* Exercise instructions:
For the word "esym", return each line of the data in which it occurs.

* Task data:
++++++++

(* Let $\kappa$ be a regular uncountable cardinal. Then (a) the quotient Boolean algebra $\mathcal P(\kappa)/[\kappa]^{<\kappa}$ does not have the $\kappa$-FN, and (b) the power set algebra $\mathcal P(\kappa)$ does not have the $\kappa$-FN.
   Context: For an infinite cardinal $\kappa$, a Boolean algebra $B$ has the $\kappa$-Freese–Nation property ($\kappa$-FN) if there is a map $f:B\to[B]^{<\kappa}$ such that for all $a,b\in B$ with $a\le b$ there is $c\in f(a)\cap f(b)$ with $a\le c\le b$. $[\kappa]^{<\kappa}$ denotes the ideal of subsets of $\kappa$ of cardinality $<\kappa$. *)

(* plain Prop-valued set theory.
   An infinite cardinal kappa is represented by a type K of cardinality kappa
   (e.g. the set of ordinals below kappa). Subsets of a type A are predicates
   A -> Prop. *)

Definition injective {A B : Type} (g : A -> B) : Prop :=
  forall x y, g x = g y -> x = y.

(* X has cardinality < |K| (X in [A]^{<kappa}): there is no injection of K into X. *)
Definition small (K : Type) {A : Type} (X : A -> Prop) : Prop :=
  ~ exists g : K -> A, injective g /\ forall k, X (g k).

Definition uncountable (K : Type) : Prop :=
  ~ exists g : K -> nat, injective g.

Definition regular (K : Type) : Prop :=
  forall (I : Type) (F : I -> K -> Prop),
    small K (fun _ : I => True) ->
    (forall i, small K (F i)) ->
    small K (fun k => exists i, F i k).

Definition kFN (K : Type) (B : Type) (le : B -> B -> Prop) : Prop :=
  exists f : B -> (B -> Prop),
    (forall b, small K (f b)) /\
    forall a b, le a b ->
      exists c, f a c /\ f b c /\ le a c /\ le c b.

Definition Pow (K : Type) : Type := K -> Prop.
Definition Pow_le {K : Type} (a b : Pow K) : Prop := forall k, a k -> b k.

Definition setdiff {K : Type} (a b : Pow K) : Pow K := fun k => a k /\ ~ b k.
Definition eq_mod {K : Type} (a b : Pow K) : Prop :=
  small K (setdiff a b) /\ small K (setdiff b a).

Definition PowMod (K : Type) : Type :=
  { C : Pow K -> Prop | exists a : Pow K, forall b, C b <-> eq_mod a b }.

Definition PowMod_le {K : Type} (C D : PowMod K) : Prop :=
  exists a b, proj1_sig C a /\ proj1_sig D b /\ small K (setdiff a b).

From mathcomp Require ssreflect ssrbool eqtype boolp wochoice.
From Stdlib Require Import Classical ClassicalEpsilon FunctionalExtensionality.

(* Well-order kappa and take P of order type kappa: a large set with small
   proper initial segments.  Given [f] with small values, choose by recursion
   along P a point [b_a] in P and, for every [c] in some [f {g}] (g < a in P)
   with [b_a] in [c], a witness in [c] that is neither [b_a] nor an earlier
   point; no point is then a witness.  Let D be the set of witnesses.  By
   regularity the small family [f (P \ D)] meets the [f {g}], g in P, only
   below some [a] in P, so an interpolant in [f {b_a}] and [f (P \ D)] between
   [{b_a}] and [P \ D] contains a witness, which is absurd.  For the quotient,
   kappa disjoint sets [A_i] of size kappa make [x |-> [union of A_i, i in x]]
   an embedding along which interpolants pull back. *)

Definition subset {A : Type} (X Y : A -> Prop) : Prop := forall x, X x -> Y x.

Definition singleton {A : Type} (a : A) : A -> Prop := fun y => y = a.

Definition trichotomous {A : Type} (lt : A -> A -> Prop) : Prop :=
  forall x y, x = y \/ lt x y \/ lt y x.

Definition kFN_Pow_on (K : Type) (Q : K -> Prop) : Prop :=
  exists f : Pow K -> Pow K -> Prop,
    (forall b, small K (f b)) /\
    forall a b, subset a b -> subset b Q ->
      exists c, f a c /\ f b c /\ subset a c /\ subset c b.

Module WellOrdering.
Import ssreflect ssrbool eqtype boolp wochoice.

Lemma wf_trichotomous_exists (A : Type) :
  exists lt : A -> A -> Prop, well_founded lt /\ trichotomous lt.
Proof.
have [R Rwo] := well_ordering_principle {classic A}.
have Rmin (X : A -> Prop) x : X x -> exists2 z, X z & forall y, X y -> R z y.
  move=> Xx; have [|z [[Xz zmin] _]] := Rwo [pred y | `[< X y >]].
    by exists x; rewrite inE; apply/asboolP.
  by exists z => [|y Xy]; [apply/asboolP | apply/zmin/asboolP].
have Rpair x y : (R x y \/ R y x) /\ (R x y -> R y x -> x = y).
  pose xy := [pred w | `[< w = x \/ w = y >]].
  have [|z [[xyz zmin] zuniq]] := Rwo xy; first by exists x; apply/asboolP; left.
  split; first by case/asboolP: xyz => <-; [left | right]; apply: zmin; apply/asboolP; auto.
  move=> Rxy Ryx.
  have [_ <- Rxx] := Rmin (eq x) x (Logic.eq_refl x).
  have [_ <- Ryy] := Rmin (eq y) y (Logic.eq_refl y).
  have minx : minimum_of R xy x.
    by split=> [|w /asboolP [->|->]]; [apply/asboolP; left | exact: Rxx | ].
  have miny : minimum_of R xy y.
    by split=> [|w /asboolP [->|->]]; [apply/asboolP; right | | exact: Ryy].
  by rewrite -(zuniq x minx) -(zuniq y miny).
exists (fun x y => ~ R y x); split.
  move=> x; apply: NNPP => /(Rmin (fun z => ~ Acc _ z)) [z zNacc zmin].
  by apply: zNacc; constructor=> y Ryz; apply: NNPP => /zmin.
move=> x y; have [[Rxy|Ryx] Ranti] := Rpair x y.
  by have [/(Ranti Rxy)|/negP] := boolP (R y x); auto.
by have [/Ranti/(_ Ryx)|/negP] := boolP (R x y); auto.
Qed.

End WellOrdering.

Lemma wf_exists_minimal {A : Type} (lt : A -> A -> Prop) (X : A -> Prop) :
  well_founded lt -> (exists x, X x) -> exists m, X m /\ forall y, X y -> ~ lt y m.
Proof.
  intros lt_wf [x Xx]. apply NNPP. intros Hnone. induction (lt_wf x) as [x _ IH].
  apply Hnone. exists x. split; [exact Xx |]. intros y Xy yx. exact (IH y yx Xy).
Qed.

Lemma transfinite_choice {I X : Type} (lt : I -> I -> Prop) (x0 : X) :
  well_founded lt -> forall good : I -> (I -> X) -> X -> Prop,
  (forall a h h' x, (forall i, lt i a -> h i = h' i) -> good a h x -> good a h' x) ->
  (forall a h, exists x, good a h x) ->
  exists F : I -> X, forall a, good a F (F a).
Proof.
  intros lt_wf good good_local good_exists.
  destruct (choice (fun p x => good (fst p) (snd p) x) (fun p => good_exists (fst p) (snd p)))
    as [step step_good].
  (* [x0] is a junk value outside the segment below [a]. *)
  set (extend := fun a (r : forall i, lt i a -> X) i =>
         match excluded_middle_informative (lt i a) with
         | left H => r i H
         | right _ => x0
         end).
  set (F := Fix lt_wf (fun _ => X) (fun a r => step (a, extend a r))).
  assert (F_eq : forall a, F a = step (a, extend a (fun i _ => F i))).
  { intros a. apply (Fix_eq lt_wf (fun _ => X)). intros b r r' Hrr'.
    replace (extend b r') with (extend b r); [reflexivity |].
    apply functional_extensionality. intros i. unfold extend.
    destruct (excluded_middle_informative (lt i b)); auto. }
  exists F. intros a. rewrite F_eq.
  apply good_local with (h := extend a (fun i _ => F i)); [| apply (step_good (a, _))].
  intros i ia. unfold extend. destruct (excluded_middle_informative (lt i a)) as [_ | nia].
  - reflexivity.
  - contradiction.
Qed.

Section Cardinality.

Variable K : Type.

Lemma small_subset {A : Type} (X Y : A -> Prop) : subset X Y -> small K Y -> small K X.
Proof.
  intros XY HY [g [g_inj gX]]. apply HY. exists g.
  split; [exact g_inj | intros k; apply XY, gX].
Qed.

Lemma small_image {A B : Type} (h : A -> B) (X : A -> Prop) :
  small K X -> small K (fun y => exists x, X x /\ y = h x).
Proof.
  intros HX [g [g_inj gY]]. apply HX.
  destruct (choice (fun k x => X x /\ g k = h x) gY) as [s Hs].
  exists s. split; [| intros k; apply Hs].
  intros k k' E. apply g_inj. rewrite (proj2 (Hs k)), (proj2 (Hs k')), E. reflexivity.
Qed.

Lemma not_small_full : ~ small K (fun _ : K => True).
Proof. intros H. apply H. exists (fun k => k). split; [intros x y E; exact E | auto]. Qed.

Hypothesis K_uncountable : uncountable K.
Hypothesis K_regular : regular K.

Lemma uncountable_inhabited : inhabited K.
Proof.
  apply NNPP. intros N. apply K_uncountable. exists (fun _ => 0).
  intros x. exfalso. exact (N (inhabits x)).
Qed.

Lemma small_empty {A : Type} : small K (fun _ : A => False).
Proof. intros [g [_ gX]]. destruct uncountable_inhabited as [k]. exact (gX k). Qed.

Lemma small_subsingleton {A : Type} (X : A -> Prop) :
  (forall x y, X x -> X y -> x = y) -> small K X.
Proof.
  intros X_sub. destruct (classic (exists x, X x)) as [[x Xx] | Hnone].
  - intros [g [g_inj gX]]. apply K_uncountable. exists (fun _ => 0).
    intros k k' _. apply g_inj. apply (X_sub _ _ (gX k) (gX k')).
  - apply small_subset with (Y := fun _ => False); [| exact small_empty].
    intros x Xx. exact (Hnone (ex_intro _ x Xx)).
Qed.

++++++++

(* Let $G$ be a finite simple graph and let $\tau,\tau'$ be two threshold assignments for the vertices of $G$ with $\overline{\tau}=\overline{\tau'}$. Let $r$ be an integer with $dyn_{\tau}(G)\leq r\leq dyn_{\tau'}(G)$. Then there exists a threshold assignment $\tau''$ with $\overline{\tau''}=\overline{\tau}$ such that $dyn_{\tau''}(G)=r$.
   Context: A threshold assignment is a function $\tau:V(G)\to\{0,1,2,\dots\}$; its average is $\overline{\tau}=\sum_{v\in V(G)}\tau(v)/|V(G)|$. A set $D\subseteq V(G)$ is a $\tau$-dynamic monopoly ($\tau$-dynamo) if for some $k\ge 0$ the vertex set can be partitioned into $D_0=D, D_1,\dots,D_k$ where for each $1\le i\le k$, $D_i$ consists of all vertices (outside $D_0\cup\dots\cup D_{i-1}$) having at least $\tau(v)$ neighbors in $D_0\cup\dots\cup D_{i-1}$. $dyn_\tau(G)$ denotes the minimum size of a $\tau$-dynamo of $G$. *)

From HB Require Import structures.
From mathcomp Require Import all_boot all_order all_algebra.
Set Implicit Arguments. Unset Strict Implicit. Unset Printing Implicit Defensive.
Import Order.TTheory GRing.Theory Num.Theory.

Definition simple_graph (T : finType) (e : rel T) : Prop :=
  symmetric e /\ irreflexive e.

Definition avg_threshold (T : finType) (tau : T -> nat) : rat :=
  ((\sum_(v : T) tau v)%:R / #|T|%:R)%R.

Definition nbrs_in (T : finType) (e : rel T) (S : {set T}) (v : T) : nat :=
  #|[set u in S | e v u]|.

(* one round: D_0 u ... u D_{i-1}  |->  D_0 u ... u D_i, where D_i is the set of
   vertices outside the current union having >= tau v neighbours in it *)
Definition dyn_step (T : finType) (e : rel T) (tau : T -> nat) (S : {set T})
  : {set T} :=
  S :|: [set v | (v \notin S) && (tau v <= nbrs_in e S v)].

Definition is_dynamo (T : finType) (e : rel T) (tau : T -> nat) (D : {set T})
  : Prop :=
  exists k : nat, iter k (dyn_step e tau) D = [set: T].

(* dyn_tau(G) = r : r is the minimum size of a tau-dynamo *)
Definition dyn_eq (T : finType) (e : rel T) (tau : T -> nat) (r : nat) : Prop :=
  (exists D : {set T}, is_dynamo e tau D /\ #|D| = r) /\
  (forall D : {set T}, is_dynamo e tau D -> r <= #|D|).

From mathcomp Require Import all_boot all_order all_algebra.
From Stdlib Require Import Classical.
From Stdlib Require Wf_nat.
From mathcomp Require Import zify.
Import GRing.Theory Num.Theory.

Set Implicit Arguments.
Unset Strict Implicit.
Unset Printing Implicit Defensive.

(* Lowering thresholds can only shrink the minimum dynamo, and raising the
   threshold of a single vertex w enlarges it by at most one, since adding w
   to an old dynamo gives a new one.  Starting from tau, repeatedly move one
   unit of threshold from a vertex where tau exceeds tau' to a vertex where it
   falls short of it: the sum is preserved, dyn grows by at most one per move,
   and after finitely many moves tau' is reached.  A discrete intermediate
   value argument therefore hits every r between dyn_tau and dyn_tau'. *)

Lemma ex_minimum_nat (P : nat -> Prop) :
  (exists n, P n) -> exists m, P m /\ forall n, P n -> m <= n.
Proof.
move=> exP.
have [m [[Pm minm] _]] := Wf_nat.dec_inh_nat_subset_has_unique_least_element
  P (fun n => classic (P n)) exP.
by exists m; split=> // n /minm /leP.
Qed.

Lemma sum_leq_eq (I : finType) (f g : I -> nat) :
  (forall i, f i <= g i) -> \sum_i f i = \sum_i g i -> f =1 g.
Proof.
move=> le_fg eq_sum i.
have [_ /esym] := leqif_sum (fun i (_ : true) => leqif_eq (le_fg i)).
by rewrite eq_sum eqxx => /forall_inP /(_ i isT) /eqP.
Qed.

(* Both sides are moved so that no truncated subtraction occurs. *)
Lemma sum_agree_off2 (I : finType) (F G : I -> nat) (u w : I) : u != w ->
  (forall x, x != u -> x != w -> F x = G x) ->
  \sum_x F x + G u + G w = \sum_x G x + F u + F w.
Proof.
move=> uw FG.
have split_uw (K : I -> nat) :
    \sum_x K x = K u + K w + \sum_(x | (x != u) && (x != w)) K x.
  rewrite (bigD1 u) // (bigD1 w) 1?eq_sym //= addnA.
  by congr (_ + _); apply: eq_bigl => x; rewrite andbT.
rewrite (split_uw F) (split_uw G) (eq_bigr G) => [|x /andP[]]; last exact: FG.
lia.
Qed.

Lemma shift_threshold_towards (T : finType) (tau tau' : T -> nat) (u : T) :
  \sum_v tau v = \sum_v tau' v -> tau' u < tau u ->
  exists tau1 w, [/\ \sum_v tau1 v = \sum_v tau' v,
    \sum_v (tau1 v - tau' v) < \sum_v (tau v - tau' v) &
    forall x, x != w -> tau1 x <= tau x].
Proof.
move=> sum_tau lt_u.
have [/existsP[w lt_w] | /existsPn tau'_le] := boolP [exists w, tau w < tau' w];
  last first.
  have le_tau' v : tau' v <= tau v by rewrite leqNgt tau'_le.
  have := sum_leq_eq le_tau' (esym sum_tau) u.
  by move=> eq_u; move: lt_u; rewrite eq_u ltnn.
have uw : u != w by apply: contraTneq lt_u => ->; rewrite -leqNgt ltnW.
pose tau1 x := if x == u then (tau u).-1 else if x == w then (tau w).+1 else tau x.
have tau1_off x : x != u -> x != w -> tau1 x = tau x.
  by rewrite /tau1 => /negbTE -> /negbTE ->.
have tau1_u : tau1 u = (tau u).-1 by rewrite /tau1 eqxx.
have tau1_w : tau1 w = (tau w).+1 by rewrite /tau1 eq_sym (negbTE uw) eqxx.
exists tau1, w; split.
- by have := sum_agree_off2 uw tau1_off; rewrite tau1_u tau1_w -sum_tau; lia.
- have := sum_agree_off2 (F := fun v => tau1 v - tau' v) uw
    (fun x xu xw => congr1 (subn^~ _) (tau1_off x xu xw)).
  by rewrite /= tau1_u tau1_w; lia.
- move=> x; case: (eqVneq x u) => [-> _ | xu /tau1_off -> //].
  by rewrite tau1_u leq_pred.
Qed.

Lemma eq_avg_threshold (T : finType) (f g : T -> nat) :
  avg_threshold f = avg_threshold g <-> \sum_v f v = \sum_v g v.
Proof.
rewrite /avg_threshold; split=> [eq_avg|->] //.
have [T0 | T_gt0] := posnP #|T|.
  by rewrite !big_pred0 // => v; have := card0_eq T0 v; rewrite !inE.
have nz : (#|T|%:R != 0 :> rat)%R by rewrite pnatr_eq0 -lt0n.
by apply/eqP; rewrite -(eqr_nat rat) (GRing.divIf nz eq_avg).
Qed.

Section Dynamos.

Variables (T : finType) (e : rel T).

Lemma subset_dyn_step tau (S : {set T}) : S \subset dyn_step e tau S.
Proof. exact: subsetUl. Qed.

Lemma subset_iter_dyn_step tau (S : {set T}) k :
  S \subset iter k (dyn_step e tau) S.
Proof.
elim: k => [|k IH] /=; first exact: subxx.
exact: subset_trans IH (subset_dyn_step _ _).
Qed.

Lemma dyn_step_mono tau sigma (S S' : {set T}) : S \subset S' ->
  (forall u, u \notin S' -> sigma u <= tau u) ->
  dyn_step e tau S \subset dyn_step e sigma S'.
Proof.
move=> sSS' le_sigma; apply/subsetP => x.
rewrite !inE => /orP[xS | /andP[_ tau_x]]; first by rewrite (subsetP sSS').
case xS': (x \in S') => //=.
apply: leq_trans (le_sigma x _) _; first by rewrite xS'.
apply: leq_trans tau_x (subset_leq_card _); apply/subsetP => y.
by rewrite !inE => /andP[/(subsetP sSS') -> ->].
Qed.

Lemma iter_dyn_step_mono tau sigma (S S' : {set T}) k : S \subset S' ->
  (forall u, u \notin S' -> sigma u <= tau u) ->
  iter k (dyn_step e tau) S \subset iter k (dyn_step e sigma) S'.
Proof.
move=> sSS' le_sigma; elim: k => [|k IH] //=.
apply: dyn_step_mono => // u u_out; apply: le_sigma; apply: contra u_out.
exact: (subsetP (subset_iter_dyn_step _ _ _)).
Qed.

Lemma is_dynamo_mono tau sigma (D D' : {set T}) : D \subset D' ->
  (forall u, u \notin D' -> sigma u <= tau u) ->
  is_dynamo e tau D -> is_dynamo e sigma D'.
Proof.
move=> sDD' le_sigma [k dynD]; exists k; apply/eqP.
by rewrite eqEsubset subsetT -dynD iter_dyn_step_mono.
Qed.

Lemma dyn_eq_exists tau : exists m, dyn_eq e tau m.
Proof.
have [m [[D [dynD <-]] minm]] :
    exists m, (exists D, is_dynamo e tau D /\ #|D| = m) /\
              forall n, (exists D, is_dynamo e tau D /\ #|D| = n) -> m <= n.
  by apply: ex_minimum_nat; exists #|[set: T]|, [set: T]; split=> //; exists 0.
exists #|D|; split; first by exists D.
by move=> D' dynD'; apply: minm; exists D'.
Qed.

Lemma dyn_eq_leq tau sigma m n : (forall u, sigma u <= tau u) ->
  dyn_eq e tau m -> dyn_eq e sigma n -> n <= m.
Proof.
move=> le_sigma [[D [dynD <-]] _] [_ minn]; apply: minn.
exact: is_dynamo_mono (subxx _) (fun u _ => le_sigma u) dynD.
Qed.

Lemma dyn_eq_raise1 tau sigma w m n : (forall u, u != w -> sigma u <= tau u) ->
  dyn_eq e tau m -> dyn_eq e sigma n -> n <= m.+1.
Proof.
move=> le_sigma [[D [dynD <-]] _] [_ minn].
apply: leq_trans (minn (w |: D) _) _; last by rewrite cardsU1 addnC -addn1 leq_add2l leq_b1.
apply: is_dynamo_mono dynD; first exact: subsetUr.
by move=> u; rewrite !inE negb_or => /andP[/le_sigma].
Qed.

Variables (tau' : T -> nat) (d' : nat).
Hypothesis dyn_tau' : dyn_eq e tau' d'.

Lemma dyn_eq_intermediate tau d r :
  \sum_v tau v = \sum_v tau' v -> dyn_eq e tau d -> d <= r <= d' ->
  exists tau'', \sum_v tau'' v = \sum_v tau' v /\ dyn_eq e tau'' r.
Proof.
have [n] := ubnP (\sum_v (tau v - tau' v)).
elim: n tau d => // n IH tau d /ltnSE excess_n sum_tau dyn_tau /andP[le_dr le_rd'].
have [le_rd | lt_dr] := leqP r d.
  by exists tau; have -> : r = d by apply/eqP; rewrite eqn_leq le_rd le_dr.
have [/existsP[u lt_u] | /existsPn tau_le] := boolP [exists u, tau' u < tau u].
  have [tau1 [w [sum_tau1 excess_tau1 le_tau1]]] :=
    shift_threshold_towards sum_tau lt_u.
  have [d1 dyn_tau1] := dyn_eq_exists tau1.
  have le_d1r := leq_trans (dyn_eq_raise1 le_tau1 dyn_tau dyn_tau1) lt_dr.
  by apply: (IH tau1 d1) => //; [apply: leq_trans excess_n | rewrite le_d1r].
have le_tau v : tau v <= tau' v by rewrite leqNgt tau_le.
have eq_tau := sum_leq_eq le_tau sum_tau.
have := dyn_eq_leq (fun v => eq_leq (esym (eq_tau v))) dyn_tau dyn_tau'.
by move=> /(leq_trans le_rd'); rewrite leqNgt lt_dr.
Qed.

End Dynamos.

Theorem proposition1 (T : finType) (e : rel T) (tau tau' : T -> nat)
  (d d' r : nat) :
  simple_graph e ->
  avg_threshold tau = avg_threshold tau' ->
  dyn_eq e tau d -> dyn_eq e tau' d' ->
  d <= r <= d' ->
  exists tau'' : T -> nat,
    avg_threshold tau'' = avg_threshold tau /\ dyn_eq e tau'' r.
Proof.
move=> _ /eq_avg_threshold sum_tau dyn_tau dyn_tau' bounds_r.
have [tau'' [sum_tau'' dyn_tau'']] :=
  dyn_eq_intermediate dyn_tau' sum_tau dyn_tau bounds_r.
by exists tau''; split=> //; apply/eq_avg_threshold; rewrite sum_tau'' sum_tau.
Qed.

++++++++

* Output of the task:
have [_ /esym] := leqif_sum (fun i (_ : true) => leqif_eq (le_fg i)).
  have := sum_leq_eq le_tau' (esym sum_tau) u.
have := dyn_eq_leq (fun v => eq_leq (esym (eq_tau v))) dyn_tau dyn_tau'.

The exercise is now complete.